:: REQUIRED ACTION ::
The full listing below is to be written out exactly.

┌──

(* For every positive integer $n$, $\mathrm{Sort}_n(\mathrm{SC}_{3\underline{21}})=\mathrm{Av}_n(123,132)$, the set of permutations in $\mathfrak S_n$ avoiding both classical patterns $123$ and $132$.
   Context: $\mathfrak S_n$ is the set of permutations of $\{1,\dots,n\}$. A vincular pattern is a permutation with some entries underlined; a sequence contains it if it has a subsequence with the same relative order in which entries corresponding to adjacent underlined entries occupy consecutive positions. An occurrence of $3\underline{21}$ is $a_i a_j a_{j+1}$ with $i<j$ and $a_{j+1}<a_j<a_i$. Classical patterns have no underlining. For a pattern $\sigma$, the map $\mathrm{SC}_\sigma$ acts on $\tau$: read entries left to right; when the next entry $x$ is read, if pushing $x$ yields a stack whose entries read top to bottom (stack adjacency = consecutive positions) avoid $\sigma$, push $x$; otherwise pop the top stack entry to the output and repeat. At the end pop all remaining entries; the output is $\mathrm{SC}_\sigma(\tau)$. West's stack-sorting map is $s=\mathrm{SC}_{21}$. $\mathrm{Sort}_n(\mathrm{SC}_\sigma)=\{\tau\in\mathfrak S_n : s(\mathrm{SC}_\sigma(\tau))=12\cdots n\}$. *)

(* Permutations of {1..n} are represented as sequences of
   naturals that are permutations (perm_eq) of [:: 1; ...; n]. *)
From mathcomp Require Import all_boot.
Set Implicit Arguments. Unset Strict Implicit. Unset Printing Implicit Defensive.

(* A vincular pattern: a permutation [p] (as a seq) together with a list [adj]
   of positions k (0-indexed) such that entries k and k+1 of [p] are
   underlined-adjacent, i.e. must occupy consecutive positions. *)

Definition vocc (p adj s idx : seq nat) : bool :=
  [&& size idx == size p,
      all (fun i => i < size s) idx,
      sorted ltn idx,
      all (fun k => nth 0 idx k.+1 == (nth 0 idx k).+1) adj &
      all (fun i => all (fun j =>
          (nth 0 s (nth 0 idx i) < nth 0 s (nth 0 idx j)) ==
          (nth 0 p i < nth 0 p j)) (iota 0 (size p))) (iota 0 (size p))].
Section RunParabola.
Variables (R : realDomainType) (brk : pred nat) (m : nat).
Hypotheses (brk0 : brk 0) (brkm : brk m).

Definition run_parabola i : R :=
  if brk i then 0 else (i%:R - (prev_break brk i)%:R) * ((next_break brk m i)%:R - i%:R).

Lemma run_parabola_gt0 i : (i <= m)%N -> ~~ brk i -> 0 < run_parabola i.
Proof.
move=> im brk_i; have i_gt0 : (0 < i)%N by case: i brk_i im => //; rewrite brk0.
have im' : (i < m)%N by rewrite ltn_neqAle im andbT; apply: contraNneq brk_i => ->.
have := prev_break_lt brk i_gt0; have := next_break_gt brk im'.
rewrite /run_parabola (negbTE brk_i) => /andP[iQ _] Pi.
by rewrite mulr_gt0 // subr_gt0 ltr_nat.
Qed.

Lemma run_parabola_ge0 i : (i <= m)%N -> 0 <= run_parabola i.
Proof.
move=> im; case: (boolP (brk i)) => [brk_i|/(run_parabola_gt0 im)/ltW //].
by rewrite /run_parabola brk_i.
Qed.

Lemma d2_run_parab i : (0 < i < m)%N -> ~~ brk i -> d2 run_parabola i = -2.
Proof.
case: i => // i /andP[_ im] brk_i.
set P := prev_break brk i.+1; set Q := next_break brk m i.+1.
have parab_on k : k \in [:: i; i.+1; i.+2] ->
    run_parabola k = (k%:R - P%:R) * (Q%:R - k%:R).
  rewrite !inE => /or3P[] /eqP->.
  - rewrite /run_parabola /P /=; case: ifPn => [_|brk_i']; first by rewrite subrr mul0r.
    by rewrite next_breakS ?(negbTE brk_i) //; lia.
  - by rewrite /run_parabola (negbTE brk_i).
  - rewrite /run_parabola /Q (next_breakS brk im).
    case: ifPn => [_|brk_i2]; first by rewrite subrr mulr0.
    by rewrite /P /= (negbTE brk_i).
rewrite /d2 /= !parab_on ?inE ?eqxx ?orbT // -!natr1; ring.
Qed.

End RunParabola.

Section Tent.
Variables (R : realDomainType) (p j q : nat).
Hypotheses (pj : (p < j)%N) (jq : (j < q)%N).

(* The Green's function of d2 on [p, q] with pole at j. *)
Definition tent k : R :=
  if (p < k < q)%N then
    if (k <= j)%N then (k%:R - p%:R) * (q%:R - j%:R) else (q%:R - k%:R) * (j%:R - p%:R)
  else 0.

└──

:: ANSWER TO THIS PROBLEM ::
(* For every positive integer $n$, $\mathrm{Sort}_n(\mathrm{SC}_{3\underline{21}})=\mathrm{Av}_n(123,132)$, the set of permutations in $\mathfrak S_n$ avoiding both classical patterns $123$ and $132$.
   Context: $\mathfrak S_n$ is the set of permutations of $\{1,\dots,n\}$. A vincular pattern is a permutation with some entries underlined; a sequence contains it if it has a subsequence with the same relative order in which entries corresponding to adjacent underlined entries occupy consecutive positions. An occurrence of $3\underline{21}$ is $a_i a_j a_{j+1}$ with $i<j$ and $a_{j+1}<a_j<a_i$. Classical patterns have no underlining. For a pattern $\sigma$, the map $\mathrm{SC}_\sigma$ acts on $\tau$: read entries left to right; when the next entry $x$ is read, if pushing $x$ yields a stack whose entries read top to bottom (stack adjacency = consecutive positions) avoid $\sigma$, push $x$; otherwise pop the top stack entry to the output and repeat. At the end pop all remaining entries; the output is $\mathrm{SC}_\sigma(\tau)$. West's stack-sorting map is $s=\mathrm{SC}_{21}$. $\mathrm{Sort}_n(\mathrm{SC}_\sigma)=\{\tau\in\mathfrak S_n : s(\mathrm{SC}_\sigma(\tau))=12\cdots n\}$. *)

(* Permutations of {1..n} are represented as sequences of
   naturals that are permutations (perm_eq) of [:: 1; ...; n]. *)
From mathcomp Require Import all_boot.
Set Implicit Arguments. Unset Strict Implicit. Unset Printing Implicit Defensive.

(* A vincular pattern: a permutation [p] (as a seq) together with a list [adj]
   of positions k (0-indexed) such that entries k and k+1 of [p] are
   underlined-adjacent, i.e. must occupy consecutive positions. *)

Definition vocc (p adj s idx : seq nat) : bool :=
  [&& size idx == size p,
      all (fun i => i < size s) idx,
      sorted ltn idx,
      all (fun k => nth 0 idx k.+1 == (nth 0 idx k).+1) adj &
      all (fun i => all (fun j =>
          (nth 0 s (nth 0 idx i) < nth 0 s (nth 0 idx j)) ==
          (nth 0 p i < nth 0 p j)) (iota 0 (size p))) (iota 0 (size p))].
Section RunParabola.
Variables (R : realDomainType) (brk : pred nat) (m : nat).
Hypotheses (brk0 : brk 0) (brkm : brk m).

Definition run_parabola i : R :=
  if brk i then 0 else (i%:R - (prev_break brk i)%:R) * ((next_break brk m i)%:R - i%:R).

Lemma run_parabola_gt0 i : (i <= m)%N -> ~~ brk i -> 0 < run_parabola i.
Proof.
move=> im brk_i; have i_gt0 : (0 < i)%N by case: i brk_i im => //; rewrite brk0.
have im' : (i < m)%N by rewrite ltn_neqAle im andbT; apply: contraNneq brk_i => ->.
have := prev_break_lt brk i_gt0; have := next_break_gt brk im'.
rewrite /run_parabola (negbTE brk_i) => /andP[iQ _] Pi.
by rewrite mulr_gt0 // subr_gt0 ltr_nat.
Qed.

Lemma run_parabola_ge0 i : (i <= m)%N -> 0 <= run_parabola i.
Proof.
move=> im; case: (boolP (brk i)) => [brk_i|/(run_parabola_gt0 im)/ltW //].
by rewrite /run_parabola brk_i.
Qed.

Lemma d2_run_parab i : (0 < i < m)%N -> ~~ brk i -> d2 run_parabola i = -2.
Proof.
case: i => // i /andP[_ im] brk_i.
set P := prev_break brk i.+1; set Q := next_break brk m i.+1.
have parab_on k : k \in [:: i; i.+1; i.+2] ->
    run_parabola k = (k%:R - P%:R) * (Q%:R - k%:R).
  rewrite !inE => /or3P[] /eqP->.
  - rewrite /run_parabola /P /=; case: ifPn => [_|brk_i']; first by rewrite subrr mul0r.
    by rewrite next_breakS ?(negbTE brk_i) //; lia.
  - by rewrite /run_parabola (negbTE brk_i).
  - rewrite /run_parabola /Q (next_breakS brk im).
    case: ifPn => [_|brk_i2]; first by rewrite subrr mulr0.
    by rewrite /P /= (negbTE brk_i).
rewrite /d2 /= !parab_on ?inE ?eqxx ?orbT // -!natr1; ring.
Qed.

End RunParabola.

Section Tent.
Variables (R : realDomainType) (p j q : nat).
Hypotheses (pj : (p < j)%N) (jq : (j < q)%N).

(* The Green's function of d2 on [p, q] with pole at j. *)
Definition tent k : R :=
  if (p < k < q)%N then
    if (k <= j)%N then (k%:R - p%:R) * (q%:R - j%:R) else (q%:R - k%:R) * (j%:R - p%:R)
  else 0.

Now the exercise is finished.